Republicans have been reluctant to create a Democratic-leaning district and are engaging in a high-stakes wager that the panel will accept their proposal or that the state will prevail in a second round of appeals. Republicans argued that the map meets the court's directive and draws compact districts that comply with redistricting guidelines.

"If you think about where we were, the Supreme Court ruling was 5-4, so there's just one judge that needed to see something different. And I think the movement that we have and what we've come to compromise on today gives us a good shot," House Speaker Nathaniel Ledbetter said.

Republican Senate President Pro Tem Greg Reed said he believed the changes to the district make it a so-called opportunity district.

"I'm confident that we've done a good job. It will be up to the courts to decide whether they agree," Reed said.

The debate in Alabama is being closely watched across the nation, and could be mirrored in fights in Louisiana, Georgia, Texas and other states.

The three-judge panel ruled in 2022 that the current legislative map likely violates the federal Voting Rights Act and said any map should include two districts where "Black voters either comprise a voting-age majority" or something close. The Supreme Court concurred.

Now that the plan has passed, the fight will shift quickly back to the federal court to debate whether Alabama's congressional districts comply with federal law and offer a fair opportunity to Black voters and candidates in a political landscape dominated by white Republicans.

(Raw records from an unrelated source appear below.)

Hypotheses
  (Hm_pre : forall t i, (i < m_t k t)%nat ->
     tsum (fun s => tsum (fun a => nu1 t i s * pi1pre s a * D_TV (q1pre s a) (q2pre s a)))
     <= eps_m_pre)
  (Hm_post : forall t i, (m_t k t <= i < t)%nat ->
     tsum (fun s => tsum (fun a => nu1 t i s * pi1post s a * D_TV (q1post s a) (q2post s a)))
     <= eps_m_post)
  (Hpi_pre : forall s, D_TV (pi1pre s) (pi2pre s) <= eps_pi_pre)
  (Hpi_post : forall s, D_TV (pi1post s) (pi2post s) <= eps_pi_post).

Lemma nu1_dist (t i : nat) : dist (nu1 t i).
Proof. apply state_law_dist; auto. Qed.

Lemma nu2_dist (t i : nat) : dist (nu2 t i).
Proof. apply state_law_dist; auto. Qed.

Lemma eps_pi_pre_ge0 : 0 <= eps_pi_pre.
Proof.
  pose proof (L1_le_of_D_TV _ _ _ (P1pre 0%nat) (P2pre 0%nat) (Hpi_pre 0%nat)).
  pose proof (L1_range _ _ (P1pre 0%nat) (P2pre 0%nat)). lra.
Qed.

Lemma eps_pi_post_ge0 : 0 <= eps_pi_post.
Proof.
  pose proof (L1_le_of_D_TV _ _ _ (P1post 0%nat) (P2post 0%nat) (Hpi_post 0%nat)).
  pose proof (L1_range _ _ (P1post 0%nat) (P2post 0%nat)). lra.
Qed.

Lemma eps_m_pre_ge0 : 0 <= eps_m_pre.
Proof.
  eapply Rle_trans; [|apply (Hm_pre (S k) 0); unfold m_t; lia].
  apply model_err_ge0; auto using nu1_dist.
Qed.

Lemma eps_m_post_ge0 : (0 < k)%nat -> 0 <= eps_m_post.
Proof.
  intro Hk. eapply Rle_trans; [|apply (Hm_post 1 0); unfold m_t; lia].
  apply model_err_ge0; auto using nu1_dist.
Qed.

Lemma state_L1_step (t i : nat) : (i < t)%nat ->
  L1 (nu1 t (S i)) (nu2 t (S i)) <= L1 (nu1 t i) (nu2 t i) +
    2 * (if Nat.ltb i (m_t k t) then eps_m_pre + eps_pi_pre else eps_m_post + eps_pi_post).
Proof.
  intros Hi. unfold nu1, nu2. simpl state_law.
  destruct (Nat.ltb i (m_t k t)) eqn:E.
  - apply Nat.ltb_lt in E.
    apply step_L1_drift; auto using nu1_dist, nu2_dist.
  - apply Nat.ltb_ge in E.
    apply step_L1_drift; auto using nu1_dist, nu2_dist.
Qed.

Lemma state_L1_bound (t i : nat) : (i <= t)%nat ->
  L1 (nu1 t i) (nu2 t i) <=
  2 * (INR (Nat.min i (m_t k t)) * (eps_m_pre + eps_pi_pre)
       + INR (i - m_t k t) * (eps_m_post + eps_pi_post)).
Proof.
  induction i; intro Hi.
  - unfold nu1, nu2. simpl state_law. rewrite L1_self. simpl. lra.
  - specialize (state_L1_step t i ltac:(lia)). specialize (IHi ltac:(lia)).
    destruct (Nat.ltb i (m_t k t)) eqn:E.
    + apply Nat.ltb_lt in E.
      replace (Nat.min (S i) (m_t k t)) with (S (Nat.min i (m_t k t))) by lia.
      replace (S i - m_t k t)%nat with (i - m_t k t)%nat by lia. rewrite S_INR. lra.
    + apply Nat.ltb_ge in E.
      replace (Nat.min (S i) (m_t k t)) with (Nat.min i (m_t k t)) by lia.
      replace (S i - m_t k t)%nat with (S (i - m_t k t)) by lia. rewrite S_INR. lra.
Qed.

(* At time t the construction has made (t-k)⁺ pre-branch and at most k post-branch steps. *)
Lemma final_state_L1 (t : nat) :
  L1 (nu1 t t) (nu2 t t) <=
  2 * (INR (t - k) * (eps_m_pre + eps_pi_pre) + INR k * (eps_m_post + eps_pi_post)).
Proof.
  pose proof (state_L1_bound t t (le_n t)) as B.
  replace (Nat.min t (m_t k t)) with (t - k)%nat in B by (unfold m_t; lia).
  assert (INR (t - m_t k t) * (eps_m_post + eps_pi_post)
          <= INR k * (eps_m_post + eps_pi_post)).
  { destruct (Nat.eq_dec k 0) as [Hk|Hk].
    - unfold m_t. rewrite Hk. replace (t - (t - 0))%nat with 0%nat by lia. simpl. lra.
    - pose proof (eps_m_post_ge0 ltac:(lia)). pose proof eps_pi_post_ge0.
      apply Rmult_le_compat_r; [lra|]. apply le_INR. unfold m_t. lia. }
  lra.
Qed.

Lemma reward_step_gap (t : nat) :
  Rabs (expected_reward (nu1 t t) pi1post r - expected_reward (nu2 t t) pi2post r) <=
  2 * rmax * (eps_pi_post + INR k * (eps_m_post + eps_pi_post))
  + 2 * rmax * (eps_m_pre + eps_pi_pre) * INR (t - k).
Proof.
  assert (Hrmax : 0 <= rmax) by (eapply Rle_trans; [apply Rabs_pos|apply (Hr 0%nat 0%nat)]).
  eapply Rle_trans; [apply expected_reward_gap; auto using nu1_dist, nu2_dist|].
  pose proof (mean_L1_bound (nu1 t t) pi1post pi2post eps_pi_post (nu1_dist t t) P1post P2post
               (fun s => L1_le_of_D_TV _ _ _ (P1post s) (P2post s) (Hpi_post s))).
  pose proof (final_state_L1 t).
  apply Rle_trans with (rmax * (2 * eps_pi_post + 2 * (INR (t - k) * (eps_m_pre + eps_pi_pre)
                                 + INR k * (eps_m_post + eps_pi_post)))).
  - apply Rmult_le_compat_l; lra.
  - right; ring.
Qed.

Lemma branched_return_gap :
  Rabs (eta_k rho0 gamma r k pi1pre q1pre pi1post q1post
        - eta_k rho0 gamma r k pi2pre q2pre pi2post q2post)
  <= 2 * rmax *
     (gamma ^ (S k) / (1 - gamma) ^ 2 * (eps_m_pre + eps_pi_pre)
      + INR k / (1 - gamma) * (eps_m_post + eps_pi_post)
      + gamma ^ k / (1 - gamma) * eps_pi_pre
      + 1 / (1 - gamma) * eps_pi_post).
Proof.
  assert (Hrmax : 0 <= rmax) by (eapply Rle_trans; [apply Rabs_pos|apply (Hr 0%nat 0%nat)]).
  (* the γ^k ε_π^pre term is slack *)
  assert (Slack : 0 <= 2 * rmax * (gamma ^ k / (1 - gamma) * eps_pi_pre)).
  { pose proof eps_pi_pre_ge0. pose proof (pow_le gamma k ltac:(lra)).
    assert (0 < / (1 - gamma)) by (apply Rinv_0_lt_compat; lra).
    unfold Rdiv. apply Rmult_le_pos; [lra|]. apply Rmult_le_pos; [|lra].
    apply Rmult_le_pos; lra. }
  rewrite !(eta_k_Series rho0 gamma rmax) by auto.
  eapply Rle_trans.
  - apply (discounted_gap gamma rmax (2 * rmax * (eps_pi_post + INR k * (eps_m_post + eps_pi_post)))
                          (2 * rmax * (eps_m_pre + eps_pi_pre)) k).
    + exact Hgamma.
    + pose proof eps_m_pre_ge0. pose proof eps_pi_pre_ge0. apply Rmult_le_pos; lra.
    + intro t. apply (expected_reward_bound _ _ _ _ (nu1_dist t t) P1post Hr).
    + intro t. apply (expected_reward_bound _ _ _ _ (nu2_dist t t) P2post Hr).
    + apply reward_step_gap.
  - apply Rle_trans with (2 * rmax *
      (gamma ^ (S k) / (1 - gamma) ^ 2 * (eps_m_pre + eps_pi_pre)
       + INR k / (1 - gamma) * (eps_m_post + eps_pi_post)
       + 1 / (1 - gamma) * eps_pi_post)); [right; field; lra|lra].
Qed.

End BranchedReturnGap.

Theorem lemmaB4
  (rho0 : nat -> R) (gamma rmax : R) (r : nat -> nat -> R) (k : nat)
  (pi1pre : policy) (q1pre : dynamics) (pi1post : policy) (q1post : dynamics)
  (pi2pre : policy) (q2pre : dynamics) (pi2post : policy) (q2post : dynamics)
  (eps_m_pre eps_m_post eps_pi_pre eps_pi_post : R)
  (Hrho : is_dist rho0)
  (Hgamma : 0 < gamma < 1)
  (Hr : forall s a, Rabs (r s a) <= rmax)
  (H1pre : is_policy pi1pre) (H1q : is_dynamics q1pre)
  (H1post : is_policy pi1post) (H1qp : is_dynamics q1post)
  (H2pre : is_policy pi2pre) (H2q : is_dynamics q2pre)
  (H2post : is_policy pi2post) (H2qp : is_dynamics q2post)
  (Hm_pre : forall t i, (i < m_t k t)%nat ->
     tsum (fun s => tsum (fun a =>
       state_law rho0 k pi1pre q1pre pi1post q1post t i s * pi1pre s a *
       D_TV (q1pre s a) (q2pre s a))) <= eps_m_pre)
  (Hm_post : forall t i, (m_t k t <= i < t)%nat ->
     tsum (fun s => tsum (fun a =>
       state_law rho0 k pi1pre q1pre pi1post q1post t i s * pi1post s a *
       D_TV (q1post s a) (q2post s a))) <= eps_m_post)
  (Hpi_pre : forall s, D_TV (pi1pre s) (pi2pre s) <= eps_pi_pre)
  (Hpi_post : forall s, D_TV (pi1post s) (pi2post s) <= eps_pi_post) :
  Rabs (eta_k rho0 gamma r k pi1pre q1pre pi1post q1post
        - eta_k rho0 gamma r k pi2pre q2pre pi2post q2post)
  <= 2 * rmax *
     (gamma ^ (S k) / (1 - gamma) ^ 2 * (eps_m_pre + eps_pi_pre)
      + INR k / (1 - gamma) * (eps_m_post + eps_pi_post)
      + gamma ^ k / (1 - gamma) * eps_pi_pre
      + 1 / (1 - gamma) * eps_pi_post).
Proof.
  (* only the [infinite_sum] form of the distribution hypotheses has to be converted *)
  apply branched_return_gap; auto using is_dist_dist, is_policy_pol, is_dynamics_dyn.
Qed.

Black Alabama lawmakers say it's crucial that their constituents have a better chance of electing their choices.

"I have people in my district saying their vote doesn't count, and I understand why they say that," Rep. Thomas Jackson, a Thomasville Democrat, said during debate Friday. "The person they want to elect can never get elected because they are in the minority all the time."

Black lawmakers disputed that the changes to the 2nd District, an area with deep ties to agriculture and home to military bases, would easily become a swing district. They speculated that state Republicans were seeking to mount another challenge to federal voting law.

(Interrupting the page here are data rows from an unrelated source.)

Lemma lower_probE E : lower_prob ps E = prob face_weight E.
Proof.
rewrite /lower_prob /prob [RHS](bigID (fun X : {set {set 'I_n.+1}} => X \subset faces n)) /=.
rewrite [X in _ = _ + X]big1 ?addr0 => [|X /andP[_ /subsetPn[t tX]]]; last first.
  by rewrite inE => ft; rewrite /weight (bigD1 t) //= tX /face_weight (negbTE ft) mul0r.
apply: eq_big => [X|X /andP[Xf _]]; first by rewrite andbC.
rewrite /lower_weight /weight [RHS](bigID (@face n)) /= [X in _ = _ * X]big1 ?mulr1.
  by apply: eq_bigr => t ft; rewrite /face_weight ft.
move=> t ft; rewrite /face_weight (negbTE ft) subr0.
by case: ifP => // /(subsetP Xf); rewrite inE (negbTE ft).
Qed.

Lemma prob_no_vertex : (0 < n)%N ->
  prob face_weight (fun X => [forall i, [set i] \notin X]) <= (1 - p) ^+ n.+1.
Proof.
move=> n_gt0.
have face_set1 i : face [set i].
  by rewrite (@face_of_mem_notin _ _ i (lift i (Ordinal n_gt0))) ?set11 // inE eq_sym neq_lift.
rewrite (@eq_prob _ _ _ _ (fun X => [forall i in [set: 'I_n.+1], ~~ ([set [set i]] \subset X)])).
  rewrite prob_forall_not_subset => [|i j _ _ ij]; last first.
    by rewrite disjoints1 inE (inj_eq set1_inj).
  have -> : (1 - p) ^+ n.+1 = \prod_(i in [set: 'I_n.+1]) (1 - p).
    by rewrite prodr_const cardsT card_ord.
  apply: ler_prod => i _; rewrite big_set1 /face_weight face_set1.
  by have := ps_bounds (face_set1 i); case/andP=> ? ?; apply/andP; split; lra.
by move=> X /=; apply: eq_forallb => i; rewrite in_setT sub1set.
Qed.

Lemma prob_no_detour i j : i != j ->
  prob face_weight (fun X => [forall k in ~: [set i; j], ~~ (detour i j k \subset X)])
    <= (1 - p ^+ 3) ^+ n.-1.
Proof.
move=> ij.
have in_detour k s : s \in detour i j k -> (k \in s) && (s \subset [set i; j; k]).
  rewrite /detour !inE => /orP[/orP[]|] /eqP ->;
    by rewrite ?subUset ?sub1set !inE ?eqxx ?orbT.
rewrite prob_forall_not_subset => [|k k']; last first.
  rewrite !inE !negb_or => /andP[ki kj] _ kk'; rewrite disjoint_subset.
  apply/subsetP => s /in_detour/andP[ks _]; rewrite inE; apply/negP.
  by move=> /in_detour/andP[_ /subsetP/(_ k ks)]; rewrite !inE (negbTE ki) (negbTE kj) (negbTE kk').
have -> : (1 - p ^+ 3) ^+ n.-1 = \prod_(k in ~: [set i; j]) (1 - p ^+ 3).
  rewrite prodr_const; congr (_ ^+ _).
  by have := cardsC [set i; j]; rewrite cards2 ij card_ord add2n => -[/(congr1 predn) /= ->].
apply: ler_prod => k; rewrite !inE negb_or => /andP[ki kj].
have face_detour s : s \in detour i j k -> face s.
  rewrite /detour !inE => /orP[/orP[]|] /eqP ->.
  - by apply: (@face_of_mem_notin _ _ k i); rewrite !inE ?eqxx // eq_sym.
  - by apply: (@face_of_mem_notin _ _ k j); rewrite !inE ?eqxx ?orbT // negb_or eq_sym ij eq_sym.
  - by apply: (@face_of_mem_notin _ _ k i); rewrite !inE ?eqxx ?orbT // negb_or ij eq_sym.
have card_detour : (#|detour i j k| <= 3)%N.
  rewrite /detour; apply: leq_trans (leq_card_setU _ _) _.
  by rewrite cards1 cards2 addn1; case: (_ != _).
have p3_le : p ^+ 3 <= \prod_(s in detour i j k) face_weight s.
  apply: le_trans (ler_wiXn2l p_ge0 p_le1 card_detour) _.
  rewrite -prodr_const; apply: ler_prod => s /face_detour fs.
  by rewrite p_ge0 /face_weight fs; case/andP: (ps_bounds fs).
rewrite lerD2l lerN2 p3_le andbT subr_ge0 prodr_ile1 // => s _.
exact: face_weight01.
Qed.

Lemma prob_disconnected_le : (0 < n)%N ->
  lower_prob ps (fun X => ~~ complex_connected (lower_complex X)) <=
    (1 - p) ^+ n.+1 + n.+1%:R ^+ 2 * (1 - p ^+ 3) ^+ n.-1.
Proof.
move=> n_gt0; rewrite lower_probE.
apply: le_trans (le_prob face_weight01 (@not_connected_cover n)) _.
apply: le_trans (le_probU face_weight01 _ _) _.
apply: lerD; first exact: prob_no_vertex.
apply: le_trans (le_prob_exists face_weight01 _) _.
have -> : n.+1%:R ^+ 2 * (1 - p ^+ 3) ^+ n.-1 =
    \sum_(i : 'I_n.+1) \sum_(j : 'I_n.+1) (1 - p ^+ 3) ^+ n.-1.
  by rewrite !sumr_const card_ord -mulrnA -[RHS]mulr_natl expr2 -natrM.
apply: ler_sum => i _; apply: le_trans (le_prob_exists face_weight01 _) _.
apply: ler_sum => j _; have [<-|ij] := eqVneq i j.
  by rewrite /prob big_pred0 // exprn_ge0 // subr_ge0 exprn_ile1.
by apply: le_trans _ (prob_no_detour ij); apply: (le_prob face_weight01) => X /andP[].
Qed.

End LowerModelBounds.

Lemma sqr_mul_geometric_le (R : realType) (q : R) (N : nat) : 0 < q < 1 ->
  N.+1%:R ^+ 2 * q ^+ N <= expR (81 / (16 * - ln q)) * expR (- (Num.sqrt N%:R / 2)).
Proof.
move=> /andP[q0 q1]; set c := - ln q; set s := Num.sqrt N%:R.
have c_gt0 : 0 < c by rewrite oppr_gt0 ln_lt0 // q0.
have s_ge0 : 0 <= s by apply: sqrtr_ge0.
have s2 : s ^+ 2 = N%:R by rewrite sqr_sqrtr // ler0n.
have N1_le : N.+1%:R <= expR (2 * s).
  apply: (@le_trans _ _ ((1 + s) ^+ 2)); first by rewrite -natr1 -s2; nra.
  rewrite expRM_natl lerXn2r ?nnegrE ?expR_ge0 ?expR_ge1Dx //.
  exact: addr_ge0.
have qN : q ^+ N = expR (- (c * s ^+ 2)).
  by rewrite s2 -mulNr mulrC expRM_natl /c opprK lnK // posrE.
apply: (@le_trans _ _ (expR (4 * s) * expR (- (c * s ^+ 2)))).
  rewrite qN ler_wpM2r ?expR_ge0 // (_ : 4 * s = 2 * (2 * s)); last by ring.
  by rewrite expRM_natl lerXn2r ?nnegrE ?expR_ge0.
rewrite -!expRD ler_expR -subr_ge0.
have -> : 81 / (16 * c) + - (s / 2) - (4 * s + - (c * s ^+ 2)) =
    (4 * c * s - 9) ^+ 2 / (16 * c) by field; lra.
by rewrite divr_ge0 ?sqr_ge0 //; lra.
Qed.

Lemma geometric_tail_le (R : realType) (x q : R) (m : nat) : 0 < q < 1 -> 0 <= x <= q ->
  x ^+ m.+2 + m.+2%:R ^+ 2 * q ^+ m <=
    2 * expR (81 / (16 * - ln q)) / q * expR (- (Num.sqrt m.+1%:R / 2)).
Proof.
move=> q01 /andP[x0 xq]; have [q0 q1] := andP q01.
set B := m.+2%:R ^+ 2 * q ^+ m.
have xB : x ^+ m.+2 <= B.
  have xq2 : x ^+ m.+2 <= q ^+ m.+2 by rewrite ler_pXn2r // ?nnegrE // ltW.
  apply: le_trans xq2 _.
  apply: le_trans (ler_wiXn2l (ltW q0) (ltW q1) (leqnSn m.+1)) _.
  apply: le_trans (ler_wiXn2l (ltW q0) (ltW q1) (leqnSn m)) _.
  by rewrite ler_peMl ?exprn_ge0 ?(ltW q0) ?exprn_ege1 ?ler1n.
have BE : B = m.+2%:R ^+ 2 * q ^+ m.+1 / q.
  by rewrite /B (exprS q) mulrCA [RHS]mulrC mulKf // gt_eqF.
have := sqr_mul_geometric_le m.+1 q01.
have qV_gt0 : 0 < q^-1 by rewrite invr_gt0.
rewrite -(ler_pM2r qV_gt0) -BE => BK.
have -> : 2 * expR (81 / (16 * - ln q)) / q * expR (- (Num.sqrt m.+1%:R / 2)) =
  2 * (expR (81 / (16 * - ln q)) * expR (- (Num.sqrt m.+1%:R / 2)) / q) by ring.
lra.
Qed.

Theorem corollary6p2 (R : realType) (p : R) (hp0 : 0 < p) (hp1 : p < 1) :
  exists C : R, 0 < C /\
    forall (P : R), p <= P -> P < 1 ->
    forall (n : nat) (ps : {set 'I_n.+1} -> R),
      (forall s : {set 'I_n.+1}, face s -> p <= ps s <= P) ->
      1 - C * expR (- (Num.sqrt (n%:R : R) / 2))
        <= lower_prob ps (fun X => complex_connected (lower_complex X)).
Proof.
set q := 1 - p ^+ 3; set K := expR (81 / (16 * - ln q)).
have q01 : 0 < q < 1 by rewrite subr_gt0 exprn_ilt1 ?ltW // ltrBlDr ltrDl exprn_gt0.
have [q_gt0 q_lt1] := andP q01.
have K_ge1 : 1 <= K.
  apply: le_trans (expR_ge1Dx _); rewrite lerDl divr_ge0 // mulr_ge0 // oppr_ge0.
  by rewrite ltW // ln_lt0.
have C_ge1 : 1 <= 2 * K / q.
  by rewrite ler_pdivlMr // mul1r; apply: le_trans (ltW q_lt1) _; lra.
exists (2 * K / q); split; first by apply: lt_le_trans C_ge1.
move=> P pP P1 n ps ps_bounds.
have [p0 p1] : 0 <= p /\ p <= 1 by split; apply: ltW.
have ps01 s : face s -> p <= ps s <= 1.
  by move=> fs; case/andP: (ps_bounds s fs) => -> /le_trans; apply; apply: ltW.
rewrite lower_probE prob_complement -lower_probE lerD2l lerN2.
case: n ps ps_bounds ps01 => [|m] ps _ ps01.
  rewrite sqrtr0 mul0r oppr0 expR0 mulr1; apply: le_trans C_ge1.
  by rewrite lower_probE prob_le1 // => s; apply: face_weight01 p0 ps01 s.
apply: le_trans (prob_disconnected_le p0 p1 ps01 _) _ => //.
apply: geometric_tail_le => //; rewrite subr_ge0 p1 lerD2l lerN2.
by rewrite -[leRHS]expr1 ler_wiXn2l.
Qed.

"This is designed to protect a few people and ultimately to finish off the Voting Rights Act," said Rep. Chris England, a Democratic lawmaker from Tuscaloosa.

An analysis by The Associated Press, using redistricting software, shows that the 2nd District proposed Friday has mostly voted for Republicans in recent statewide elections. Donald Trump won the district by nearly 10 percentage points in his 2020 reelection bid.

Experts have said the GOP proposals fall short of what the Supreme Court said last month is required.

"They have pretended as though the court didn't say what it said," said Kareem Crayton, senior director for voting and representation at New York University's Brennan Center for Justice, which filed a brief supporting the plaintiffs before the Supreme Court.